Kortom, wie nu tranen plengt over de invoering van het betalingsbevel ook tegen consumenten en ook in arbeidsgeschillen, komt gewoonweg te laat. Deze procedure werd reeds voorgesteld door een expertencommissie onder voorzitterschap van mijn vader in 1993 (zie de conclusies van het rapport in de vorm van een modelwet, hoofdstuk 11)(8). Ze werd overgenomen in een Groenboek van de Europese Commissie uit 2002 (9), waarop een ruime consultatie volgde. Het voorstel voor een Verordening dateert van 2005 en werd goedgekeurd door het Europees Parlement en de Europese Raad (van Ministers) (10). Voor zover mij bekend heeft België zich niet verzet tegen de invoering van die Verordening.

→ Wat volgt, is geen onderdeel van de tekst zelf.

Lemma valid_ceval c : monic_comm c -> valid_word (ceval c).
Proof.
elim: c => [a b s|x IHx y IHy] /=; first by rewrite /valid_word /= andbT.
case=> hx [hy _]; rewrite /valid_word /wcomm !all_cat !all_winv //.
by move: (IHx hx) (IHy hy); rewrite /valid_word => -> ->.
Qed.

Definition letter_parity (a b : 'I_n) w :=
  odd (count (fun x : letter n => x.1 == (a, b)) w).

Lemma pb_eq_parity a b u v : pb_eq u v -> letter_parity a b u = letter_parity a b v.
Proof.
rewrite /letter_parity; elim=> {u v} //.
- by move=> u v w _ -> _ ->.
- by move=> u u' v v' _ h1 _ h2; rewrite !count_cat !oddD h1 h2.
- by move=> [[c d] s]; rewrite /=; case: ((c, d) == (a, b)).
all: by move=> *; rewrite /=; congr odd; lia.
Qed.

Lemma forget_ceval_strand c i : i \in strands c -> pb_eq (forget i (ceval c)) [::].
Proof.
elim: c => [a b s|x IHx y IHy] /=.
  by case/set2P => ->; rewrite /forget /= eqxx ?andbF; apply: pb_refl.
rewrite /wcomm !forget_cat !forget_winv; case/setUP => hi.
  apply: pb_trans (pb_cat (pb_winv_nil (IHx hi))
                          (pb_catl _ (pb_catr _ (IHx hi)))) _.
  exact: pb_Vmul.
apply: pb_trans (pb_catl _ (pb_cat (pb_winv_nil (IHy hi)) (pb_catl _ (IHy hi)))) _.
rewrite /= cats0; exact: pb_Vmul.
Qed.

Lemma forget_notin i S w : all (letter_in S) w -> i \notin S -> forget i w = w.
Proof.
move=> h hi; apply/all_filterP; apply: sub_all h => x /andP[h1 h2].
by apply/andP; split; apply: contraNneq hi => <-.
Qed.

Lemma monic_comm_nontrivial c : monic_comm c -> ~ pb_eq (ceval c) [::].
Proof.
case: c => [a b s|x y] /=; last by case=> _ [].
by move=> _ e; have := pb_eq_parity a b e; rewrite /letter_parity /= eqxx.
Qed.

Lemma support_ceval c : monic_comm c -> support_is (ceval c) (strands c).
Proof.
move=> hc i; split.
  apply; exists (ceval c); split; first exact: pb_refl.
  by split; [apply: valid_ceval | apply: ceval_strands].
move=> hi S [w [hw [_ hS]]]; apply/idPn => hiS; apply: (monic_comm_nontrivial hc).
have forget_w : pb_eq w (forget i (ceval c)).
  by rewrite -(forget_notin hS hiS); apply: forget_pb_eq (pb_sym hw).
exact: pb_trans hw (pb_trans forget_w (forget_ceval_strand hi)).
Qed.

End Support.

Lemma all_prop_cat {X : Type} (P : X -> Prop) s t :
  all_prop P s -> all_prop P t -> all_prop P (s ++ t).
Proof. by elim: s => [|x s IH] //= [h1 h2] ht; split; [|apply: IH]. Qed.

Lemma all_prop_imp {X : Type} (P Q : X -> Prop) s :
  (forall x, P x -> Q x) -> all_prop P s -> all_prop Q s.
Proof. by move=> h; elim: s => [|x s IH] //= [h1 h2]; split; [apply: h|apply: IH]. Qed.
(* Let $G$ be a bipartite graph with $p(G)=|V(G)|\ge 3$ vertices and $q(G)=|E(G)|\ge 2p(G)-2$ edges. Then $G$ is not bipartite Ramsey size linear.
   Context: For bipartite graphs $G_1,G_2$, the bipartite Ramsey number $\operatorname{br}(G_1,G_2)$ is the smallest integer $N$ such that every red/blue coloring of the edges of $K_{N,N}$ contains a red copy of $G_1$ or a blue copy of $G_2$. A bipartite graph $H$ is called bipartite Ramsey size linear if there exists a constant $C$ such that for every bipartite graph $G'$ with $m$ edges and no isolated vertices, $\operatorname{br}(H,G')\le C\cdot m$. *)

From mathcomp Require Import all_boot.
Set Implicit Arguments. Unset Strict Implicit. Unset Printing Implicit Defensive.

Definition simple_graph (V : finType) (E : rel V) : Prop :=
  symmetric E /\ irreflexive E.

Definition bipartite (V : finType) (E : rel V) : Prop :=
  exists side : V -> bool, forall u v, E u v -> side u != side v.

Definition edge_set (V : finType) (E : rel V) : {set {set V}} :=
  [set A : {set V} | [exists u, exists v, E u v && (A == [set u; v])]].

Definition num_edges (V : finType) (E : rel V) : nat := #|edge_set E|.

Definition no_isolated (V : finType) (E : rel V) : Prop :=
  forall u, exists v, E u v.

(* K_{N,N}: vertices 'I_N + 'I_N (two sides), edges between the sides.
   A red/blue colouring is c : 'I_N -> 'I_N -> bool, with c i j = true
   meaning the edge (left i, right j) is red. *)
Definition KNN_col (N : nat) (c : 'I_N -> 'I_N -> bool) (red : bool)
  (x y : 'I_N + 'I_N) : bool :=
  match x, y with
  | inl i, inr j => c i j == red
  | inr j, inl i => c i j == red
  | _, _ => false
  end.

Definition has_copy (V : finType) (E : rel V) (N : nat)
  (c : 'I_N -> 'I_N -> bool) (red : bool) : Prop :=
  exists f : V -> 'I_N + 'I_N,
    injective f /\ forall u v, E u v -> KNN_col c red (f u) (f v).

Definition br_prop (V1 : finType) (E1 : rel V1) (V2 : finType) (E2 : rel V2)
  (N : nat) : Prop :=
  forall c : 'I_N -> 'I_N -> bool, has_copy E1 c true \/ has_copy E2 c false.

Definition is_br (V1 : finType) (E1 : rel V1) (V2 : finType) (E2 : rel V2)
  (N : nat) : Prop :=
  br_prop E1 E2 N /\ forall M, M < N -> ~ br_prop E1 E2 M.

(* H is bipartite Ramsey size linear. (A natural-number constant C is
   equivalent to a real one by taking ceilings.) *)
Definition br_size_linear (V : finType) (E : rel V) : Prop :=
  exists C : nat,
    forall (V' : finType) (E' : rel V'),
      simple_graph E' -> bipartite E' -> no_isolated E' ->
      exists N, is_br E E' N /\ N <= C * num_edges E'.

From mathcomp Require Import all_boot all_order all_algebra.
From mathcomp Require Import ring lra zify.
Set Implicit Arguments. Unset Strict Implicit. Unset Printing Implicit Defensive.
Import Order.TTheory GRing.Theory Num.Theory.

(* Suppose br(G, H) <= C q(H) for every H, and take H = K_{n,n}: it suffices to
   colour K_{N,N} with N > C n^2 so that there is neither a red G nor a blue
   K_{n,n}. Colour each edge red independently with probability 1/k. A red copy of
   G has probability at most k^-q and shares an edge with at most p^4 (2N)^(p-2)
   other copies; a blue K_{n,n} has probability at most 2^(-n^2/k) and there are at
   most N^(2n) of them. The asymmetric Lovasz Local Lemma, with weights 2 k^-q and
   1/(4 N^(2n)), yields a good colouring once n^2/k beats n log N and k^(q-1) beats
   p^2 (2N)^(p-2). Take N about n^2 and k about n / log N, so that k^2 is about
   N / log^2 N. The first condition holds, and so does the second because
   q - 1 >= 2(p-2) + 1: the spare factor k in k^(q-1) >= k^(2(p-2)) k absorbs the
   logarithms. All parameters are chosen as powers of two. *)

Section LocalLemma.
Local Open Scope ring_scope.
Variables (R : realFieldType) (Omega I : finType) (w : Omega -> R).
Hypothesis w_ge0 : forall c, 0 <= w c.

De tranen die nu geplengd worden zijn dus krokodillentranen. Indien de toepassing van het betalingsbevel op consumenten werkelijk onaanvaardbaar zou zijn, dan hadden de tegenstanders zich maar eerder moeten roeren. Misschien kunnen ze het Belgische recht aanpassen en naar Deens model de regering verplichten de zaak in het parlement te bespreken vooraleer te beslissen op een Europese raad. Of misschien kunnen ze het systeem zelf in vraag dat ons verplicht Europese Verordeningen zomaar te aanvaarden met voorrang boven het Belgische recht. Maar nu weigeren de procedure betalingsbevel uit te breiden naar interne geschillen, ook jegens consumenten, is een houding die aanzetten tot discriminatie. En zijn het nu net die vakbonden die al jaren beweren dat aanzetten tot discriminatie ten strengste verboden moet zijn, zelfs wanneer het de vorm aanneemt van wetgevende voorstellen ?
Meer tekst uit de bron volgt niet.